Task brief =>
All lines from the one with "gamma / Rad" through the final line of the records below must be written out exactly, with no other text.

***** Extracted entries

(* Let $\mathcal{D}$ be a fixed probability distribution on $\mathcal{X}\times\{-1,+1\}$ with $\mathcal{X}\subseteq\mathbb{R}^d$, marginal $\mathcal{D}_\mathbf{x}$ and conditional label distribution $\mathcal{D}_y(\mathbf{x})$. For $\mathbf{w}\in\mathbb{R}^d$ let $h_\mathbf{w}(\mathbf{x})=\mathrm{sign}(\langle\mathbf{w},\mathbf{x}\rangle)$ and $\eta_\mathbf{w}(\mathbf{x})=\mathbb{P}_{y\sim\mathcal{D}_y(\mathbf{x})}[h_\mathbf{w}(\mathbf{x})\neq y]$. Let $R=\max_{\mathbf{x}\sim\mathcal{D}_\mathbf{x}}\|\mathbf{x}\|_2$ (the radius of the support of $\mathcal{D}_\mathbf{x}$) and $\gamma>0$, and let $$\widetilde{\mathbf{w}}=\mathop{\mathrm{argmin}}_{\mathbf{w},\|\mathbf{w}\|_2\le1}\mathbb{E}_{\mathbf{x}\sim\mathcal{D}_\mathbf{x}}\big[|\langle\mathbf{w},\mathbf{x}\rangle|\,\eta_\mathbf{w}(\mathbf{x})\,\big|\,|\langle\mathbf{w},\mathbf{x}\rangle|\ge\gamma\big],\qquad \bar{\mathbf{w}}=\mathop{\mathrm{argmin}}_{\mathbf{w},\|\mathbf{w}\|_2\le1}\mathbb{E}_{\mathbf{x}\sim\mathcal{D}_\mathbf{x}}\big[\eta_\mathbf{w}(\mathbf{x})\,\big|\,|\langle\mathbf{w},\mathbf{x}\rangle|\ge\gamma\big].$$ Then $$\frac{\gamma}{R}\,\mathbb{E}_{\mathbf{x}\sim\mathcal{D}_\mathbf{x}}\big[\eta_{\widetilde{\mathbf{w}}}(\mathbf{x})\,\big|\,|\langle\widetilde{\mathbf{w}},\mathbf{x}\rangle|\ge\gamma\big]\le\mathbb{E}_{\mathbf{x}\sim\mathcal{D}_\mathbf{x}}\big[\eta_{\bar{\mathbf{w}}}(\mathbf{x})\,\big|\,|\langle\bar{\mathbf{w}},\mathbf{x}\rangle|\ge\gamma\big]\le\mathbb{E}_{\mathbf{x}\sim\mathcal{D}_\mathbf{x}}\big[\eta_{\widetilde{\mathbf{w}}}(\mathbf{x})\,\big|\,|\langle\widetilde{\mathbf{w}},\mathbf{x}\rangle|\ge\gamma\big].$$ *)

From HB Require Import structures.
From mathcomp Require Import all_boot all_order all_algebra.
From mathcomp Require Import all_classical all_reals all_analysis ess_sup_inf.
Set Implicit Arguments. Unset Strict Implicit. Unset Printing Implicit Defensive.
Import Order.TTheory GRing.Theory Num.Theory.
Import numFieldNormedType.Exports.
Local Open Scope classical_set_scope.
Local Open Scope ring_scope.

(** R^d with its Borel sigma-algebra (generated by the open sets of the
    product topology). Vectors are row vectors 'rV[R]_d. *)
Definition Rvec (R : realType) (d : nat) :=
  g_sigma_algebraType (@open 'rV[R]_d).

Definition dotp (R : realType) (d : nat) (u v : 'rV[R]_d) : R :=
  \sum_(i < d) u ord0 i * v ord0 i.
Definition norm2 (R : realType) (d : nat) (u : 'rV[R]_d) : R :=
  Num.sqrt (dotp u u).

Definition hw (R : realType) (d : nat) (w x : 'rV[R]_d) : R :=
  Num.sg (dotp w x).

(** eta_w(x) = P_{y ~ D_y(x)} [h_w(x) <> y], where the conditional label
    distribution D_y(x) gives y = +1 with probability p x and y = -1 with
    probability 1 - p x. *)
Definition eta (R : realType) (d : nat) (p : 'rV[R]_d -> R) (w x : 'rV[R]_d) : R :=
  (if hw w x != 1 then p x else 0) + (if hw w x != -1 then 1 - p x else 0).

Definition margin_set (R : realType) (d : nat) (gamma : R) (w : 'rV[R]_d)
  : set (Rvec R d) := [set x | gamma <= `|dotp w x|].

Definition condE (R : realType) (d : nat) (P : probability (Rvec R d) R)
  (A : set (Rvec R d)) (f : Rvec R d -> R) : R :=
  Rintegral P A f / fine (P A).

Definition obj_tilde (R : realType) (d : nat) (P : probability (Rvec R d) R)
  (p : 'rV[R]_d -> R) (gamma : R) (w : 'rV[R]_d) : R :=
  condE P (margin_set gamma w) (fun x => `|dotp w x| * eta p w x).
Definition obj_bar (R : realType) (d : nat) (P : probability (Rvec R d) R)
  (p : 'rV[R]_d -> R) (gamma : R) (w : 'rV[R]_d) : R :=
  condE P (margin_set gamma w) (fun x => eta p w x).

(** Feasible w: in the closed unit ball, and such that the conditioning
    event has positive probability (so the conditional expectation is
    defined). *)
Definition feasible (R : realType) (d : nat) (P : probability (Rvec R d) R)
  (gamma : R) (w : 'rV[R]_d) : Prop :=
  norm2 w <= 1 /\ (0 < P (margin_set gamma w))%E.

From Pilot Require Import Defs.
From HB Require Import structures.
From mathcomp Require Import all_boot all_order all_algebra.
From mathcomp Require Import all_classical all_reals all_analysis ess_sup_inf.
From mathcomp Require Import measurable_realfun ring lra.
Set Implicit Arguments. Unset Strict Implicit. Unset Printing Implicit Defensive.
Import Order.TTheory GRing.Theory Num.Theory.
Import numFieldNormedType.Exports.
Local Open Scope classical_set_scope.
Local Open Scope ring_scope.

(* On the margin event of a vector w of the unit ball, Cauchy-Schwarz gives
   gamma <= |<w, x>| <= |x| <= R almost surely; as eta_w >= 0, this yields
   gamma * bar(w) <= tilde(w) <= R * bar(w) for every feasible w.  Optimality
   of w~ for tilde then chains into
     gamma * bar(w~) <= tilde(w~) <= tilde(w-bar) <= R * bar(w-bar),
   while the second inequality is just the optimality of w-bar. *)

Lemma ae_ge0_le_Rintegral d (T : measurableType d) (R : realType)
    (mu : {measure set T -> \bar R}) (D : set T) (f g : T -> R) :
  measurable D ->
  mu.-integrable D (EFin \o f) -> mu.-integrable D (EFin \o g) ->
  (forall x, D x -> 0 <= f x) -> (forall x, D x -> 0 <= g x) ->
  {ae mu, forall x, D x -> f x <= g x} ->
  \int[mu]_(x in D) f x <= \int[mu]_(x in D) g x.
Proof.
move=> mD intf intg f0 g0 fg; rewrite /Rintegral fine_le ?integrable_fin_num //.
apply: ae_ge0_le_integral => //.
- exact: measurable_int intf.
- exact: measurable_int intg.
Qed.

Lemma ae_bounded_integrable d (T : measurableType d) (R : realType)
    (mu : {finite_measure set T -> \bar R}) (D : set T) (f : T -> R) (M : R) :
  measurable D -> measurable_fun D f ->
  {ae mu, forall x, D x -> `|f x| <= M} -> mu.-integrable D (EFin \o f).
Proof.
move=> mD mf fM; apply/integrableP; split; first exact/measurable_EFinP.
apply: (@le_lt_trans _ _ (\int[mu]_(x in D) (`|M|)%:E)%E).
  apply: ae_ge0_le_integral => //.
    by apply/measurable_EFinP; exact: measurableT_comp.
  by apply: filterS fM => x fxM Dx /=; rewrite lee_fin (le_trans (fxM Dx)) ?ler_norm.
by rewrite integral_cst //= lte_mul_pinfty // -ge0_fin_numE ?fin_num_measure.
Qed.

Section CauchySchwarz.
Variables (R : realType) (d : nat).
Implicit Types u v : 'rV[R]_d.

Lemma dotpp_ge0 u : 0 <= dotp u u.
Proof. by apply: sumr_ge0 => i _; rewrite -expr2 sqr_ge0. Qed.

Lemma dotpp_eq0 u v : dotp v v = 0 -> dotp u v = 0.
Proof.
move=> /eqP; rewrite psumr_eq0 => [/allP v0|i _]; last by rewrite -expr2 sqr_ge0.
apply: big1 => i _; have /= := v0 i (mem_index_enum i).
by rewrite mulf_eq0 orbb => /eqP ->; rewrite mulr0.
Qed.

(* [dotp v v * (dotp u u * dotp v v - dotp u v ^+ 2)] is the squared length
   of [dotp v v *: u - dotp u v *: v], hence nonnegative. *)
Lemma dotp_sqr_le u v : dotp u v ^+ 2 <= dotp u u * dotp v v.
Proof.
set a := dotp u u; set b := dotp v v; set c := dotp u v.
have [b0|b_neq0] := eqVneq b 0; first by rewrite /c dotpp_eq0 // b0 mulr0 expr0n.
have b_gt0 : 0 < b by rewrite lt_def b_neq0 dotpp_ge0.
have : 0 <= b * (a * b - c ^+ 2).
  have -> : b * (a * b - c ^+ 2) = \sum_(i < d) (b * u ord0 i - c * v ord0 i) ^+ 2.
    rewrite (eq_bigr (fun i => b ^+ 2 * (u ord0 i * u ord0 i)
        - (2 * b * c) * (u ord0 i * v ord0 i) + c ^+ 2 * (v ord0 i * v ord0 i))).
      by rewrite big_split /= sumrB -!mulr_sumr /a /b /c /dotp; ring.
    by move=> i _; ring.
  by apply: sumr_ge0 => i _; rewrite sqr_ge0.
by rewrite pmulr_rge0 // subr_ge0.
Qed.

Lemma norm_dotp_le u v : `|dotp u v| <= norm2 u * norm2 v.
Proof.
rewrite /norm2 -sqrtrM ?dotpp_ge0 // -sqrtr_sqr.
by rewrite ler_sqrt ?mulr_ge0 ?dotpp_ge0 // dotp_sqr_le.
Qed.

End CauchySchwarz.

Section LinearClassifiers.
Variables (R : realType) (d : nat).

Lemma continuous_measurable_Rvec (f : 'rV[R]_d -> R) :
  continuous f -> measurable_fun [set: Rvec R d] f.
Proof.
move=> cf; apply: (measurability _ (RGenOpens.measurableE R)).
move=> _ [_ [a [b ->] <-]]; rewrite setTI; apply: sub_sigma_algebra.
by move/continuousP : cf; apply; exact: interval_open.
Qed.

Lemma measurable_dotp (w : 'rV[R]_d) :
  measurable_fun [set: Rvec R d] (fun x : Rvec R d => dotp w x).
Proof.
rewrite /dotp; apply: measurable_sum => i; apply: measurable_funM => //.
exact: continuous_measurable_Rvec (@coord_continuous _ 1 d ord0 i).
Qed.

Lemma etaE (p : 'rV[R]_d -> R) w x : Defs.eta p w x =
  (if dotp w x <= 0 then p x else 0) + (if 0 <= dotp w x then 1 - p x else 0).
Proof.
rewrite /Defs.eta /hw.
have N1_neq1 : (-1 : R) != 1 by rewrite lt_eqF // (lt_trans ltrN10).
have [neg|pos|->] := ltgtP (dotp w x) 0.
- by rewrite ltr0_sg // N1_neq1 eqxx addr0.
- by rewrite gtr0_sg // eqxx eq_sym N1_neq1 add0r.
- by rewrite sgr0 eq_sym oner_eq0 eq_sym oppr_eq0 oner_eq0.
Qed.

Lemma eta_ge0 (p : 'rV[R]_d -> R) w x : 0 <= p x <= 1 -> 0 <= Defs.eta p w x.
Proof. by rewrite etaE => /andP[? ?]; case: (ltgtP (dotp w x) 0) => _ /=; lra. Qed.

Lemma eta_le1 (p : 'rV[R]_d -> R) w x : 0 <= p x <= 1 -> Defs.eta p w x <= 1.
Proof. by rewrite etaE => /andP[? ?]; case: (ltgtP (dotp w x) 0) => _ /=; lra. Qed.

Lemma measurable_eta (p : Rvec R d -> R) w : measurable_fun setT p ->
  measurable_fun [set: Rvec R d] (Defs.eta p w).
Proof.
move=> mp; rewrite (funext (etaE p w)).
have mdotp := measurable_dotp w.
by apply: measurable_funD; apply: measurable_fun_ifT => //;
  [apply: measurable_fun_ler | apply: measurable_fun_ler | apply: measurable_funB].
Qed.

Lemma measurable_margin_set gamma w : measurable (margin_set gamma w : set (Rvec R d)).
Proof.
have := measurableT_comp (@normr_measurable R setT) (measurable_dotp w) measurableT
  (@measurable_itv R `[gamma, +oo[).
by rewrite setTI; congr measurable; apply/seteqP; split => x /=; rewrite in_itv /= andbT.
Qed.

End LinearClassifiers.

Section ConditionalExpectation.
Variables (R : realType) (d : nat) (P : probability (Rvec R d) R).
Variable A : set (Rvec R d).
Implicit Types f g : Rvec R d -> R.

Lemma condE_ge0 f : (forall x, A x -> 0 <= f x) -> 0 <= condE P A f.
Proof. by move=> f0; rewrite divr_ge0 ?Rintegral_ge0 ?fine_ge0. Qed.

Lemma condEZl f c : measurable A -> P.-integrable A (EFin \o f) ->
  condE P A (fun x => c * f x) = c * condE P A f.
Proof. by move=> mA intf; rewrite /condE RintegralZl // mulrA. Qed.

Lemma ler_condE f g : Rintegral P A f <= Rintegral P A g ->
  condE P A f <= condE P A g.
Proof. by move=> fg; rewrite ler_wpM2r ?invr_ge0 ?fine_ge0. Qed.

End ConditionalExpectation.

Section MarginObjectives.
Variables (R : realType) (d : nat) (P : probability (Rvec R d) R).
Variables (p : Rvec R d -> R) (gamma Rad : R) (w : 'rV[R]_d).
Hypothesis mp : measurable_fun setT p.
Hypothesis p01 : forall x, 0 <= p x <= 1.
Hypothesis Rad_ge0 : 0 <= Rad.
Hypothesis norm2_le_Rad : {ae P, forall x : Rvec R d, norm2 x <= Rad}.
Hypothesis w_le1 : norm2 w <= 1.

Let A := margin_set gamma w.
Let mA : measurable A := measurable_margin_set gamma w.
Let eta0 x : 0 <= Defs.eta p w x := eta_ge0 w (p01 x).
Let eta1 x : Defs.eta p w x <= 1 := eta_le1 w (p01 x).

Lemma obj_bar_ge0 : 0 <= obj_bar P p gamma w.
Proof. exact: condE_ge0. Qed.

Let integrable_eta : P.-integrable A (EFin \o Defs.eta p w).
Proof.
apply: (@ae_bounded_integrable _ _ _ P _ _ 1 mA).
  exact: measurable_funS (measurable_eta w mp).
by apply: aeW => x _; rewrite ger0_norm.
Qed.

Let integrable_scaled_eta c :
  P.-integrable A (EFin \o (fun x => c * Defs.eta p w x)).
Proof.
apply: (@ae_bounded_integrable _ _ _ P _ _ `|c| mA).
  by apply: measurable_funM => //; exact: measurable_funS (measurable_eta w mp).
by apply: aeW => x _; rewrite normrM [`|Defs.eta _ _ _|]ger0_norm //; exact: ler_piMr.
Qed.

Lemma norm_dotp_le_norm2 x : `|dotp w x| <= norm2 x.
Proof.
apply: le_trans (norm_dotp_le w x) _.
by apply: ler_piMl; rewrite ?sqrtr_ge0.
Qed.

Let integrable_tilde :
  P.-integrable A (EFin \o (fun x => `|dotp w x| * Defs.eta p w x)).
Proof.
apply: (@ae_bounded_integrable _ _ _ P _ _ Rad mA).
  apply: measurable_funM; last exact: measurable_funS (measurable_eta w mp).
  exact: measurable_funS (measurableT_comp (@normr_measurable R setT) (measurable_dotp w)).
apply: filterS norm2_le_Rad => x xR _.
rewrite normrM normr_id ger0_norm // (le_trans _ xR) //.
exact/(le_trans _ (norm_dotp_le_norm2 x))/ler_piMr.
Qed.

Lemma margin_obj_bar_le : gamma * obj_bar P p gamma w <= obj_tilde P p gamma w.
Proof.
rewrite /obj_bar -condEZl //; apply/ler_condE/le_Rintegral => // x Ax.
by rewrite ler_wpM2r.
Qed.

Lemma obj_tilde_le : obj_tilde P p gamma w <= Rad * obj_bar P p gamma w.
Proof.
rewrite /obj_bar -condEZl //; apply/ler_condE/ae_ge0_le_Rintegral => //.
- by move=> x _; rewrite mulr_ge0.
- by move=> x _; rewrite mulr_ge0.
apply: filterS norm2_le_Rad => x xR _.
by rewrite ler_wpM2r // (le_trans (norm_dotp_le_norm2 x)).
Qed.

End MarginObjectives.

Theorem lemma2p4 (R : realType) (d : nat)
  (P : probability (Rvec R d) R)          (* marginal D_x on R^d *)
  (p : Rvec R d -> R)                       (* p x = P[y = +1 | x] *)
  (Rad gamma : R) (wt wb : 'rV[R]_d) :
  measurable_fun setT p ->
  (forall x, 0 <= p x <= 1) ->
  ess_sup P (fun x : Rvec R d => (norm2 x)%:E) = Rad%:E ->
  0 < gamma ->
  feasible P gamma wt ->
  (forall w, feasible P gamma w -> obj_tilde P p gamma wt <= obj_tilde P p gamma w) ->
  feasible P gamma wb ->
  (forall w, feasible P gamma w -> obj_bar P p gamma wb <= obj_bar P p gamma w) ->
  gamma / Rad * obj_bar P p gamma wt <= obj_bar P p gamma wb
  /\ obj_bar P p gamma wb <= obj_bar P p gamma wt.
Proof.
move=> mp p01 ess_sup_Rad _ wt_feas wt_opt wb_feas wb_opt.
split; last exact: wb_opt.
have norm2_le_Rad : {ae P, forall x : Rvec R d, norm2 x <= Rad}.
  have := ess_sup_ge P (fun x : Rvec R d => (norm2 x)%:E).
  by rewrite ess_sup_Rad; apply: filterS => x; rewrite lee_fin.
have Rad_ge0 : 0 <= Rad.
  rewrite -lee_fin -ess_sup_Rad; apply: ess_sup_ger => [|x]; last exact: sqrtr_ge0.
  by rewrite [X in (_ < X)%E]probability_setT lte01.
have [-> | Rad_neq0] := eqVneq Rad 0.
  by rewrite invr0 mulr0 mul0r obj_bar_ge0.
have chain : gamma * obj_bar P p gamma wt <= Rad * obj_bar P p gamma wb.
  apply: le_trans (margin_obj_bar_le gamma mp p01 norm2_le_Rad wt_feas.1) _.
  apply: le_trans (wt_opt _ wb_feas) _.
  exact: (obj_tilde_le gamma mp p01 Rad_ge0 norm2_le_Rad wb_feas.1).
by rewrite mulrAC ler_pdivrMr ?lt_def ?Rad_neq0 // [leRHS]mulrC.
Qed.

**********

Task result =>
  gamma / Rad * obj_bar P p gamma wt <= obj_bar P p gamma wb
  /\ obj_bar P p gamma wb <= obj_bar P p gamma wt.
Proof.
move=> mp p01 ess_sup_Rad _ wt_feas wt_opt wb_feas wb_opt.
split; last exact: wb_opt.
have norm2_le_Rad : {ae P, forall x : Rvec R d, norm2 x <= Rad}.
  have := ess_sup_ge P (fun x : Rvec R d => (norm2 x)%:E).
  by rewrite ess_sup_Rad; apply: filterS => x; rewrite lee_fin.
have Rad_ge0 : 0 <= Rad.
  rewrite -lee_fin -ess_sup_Rad; apply: ess_sup_ger => [|x]; last exact: sqrtr_ge0.
  by rewrite [X in (_ < X)%E]probability_setT lte01.
have [-> | Rad_neq0] := eqVneq Rad 0.
  by rewrite invr0 mulr0 mul0r obj_bar_ge0.
have chain : gamma * obj_bar P p gamma wt <= Rad * obj_bar P p gamma wb.
  apply: le_trans (margin_obj_bar_le gamma mp p01 norm2_le_Rad wt_feas.1) _.
  apply: le_trans (wt_opt _ wb_feas) _.
  exact: (obj_tilde_le gamma mp p01 Rad_ge0 norm2_le_Rad wb_feas.1).
by rewrite mulrAC ler_pdivrMr ?lt_def ?Rad_neq0 // [leRHS]mulrC.
Qed.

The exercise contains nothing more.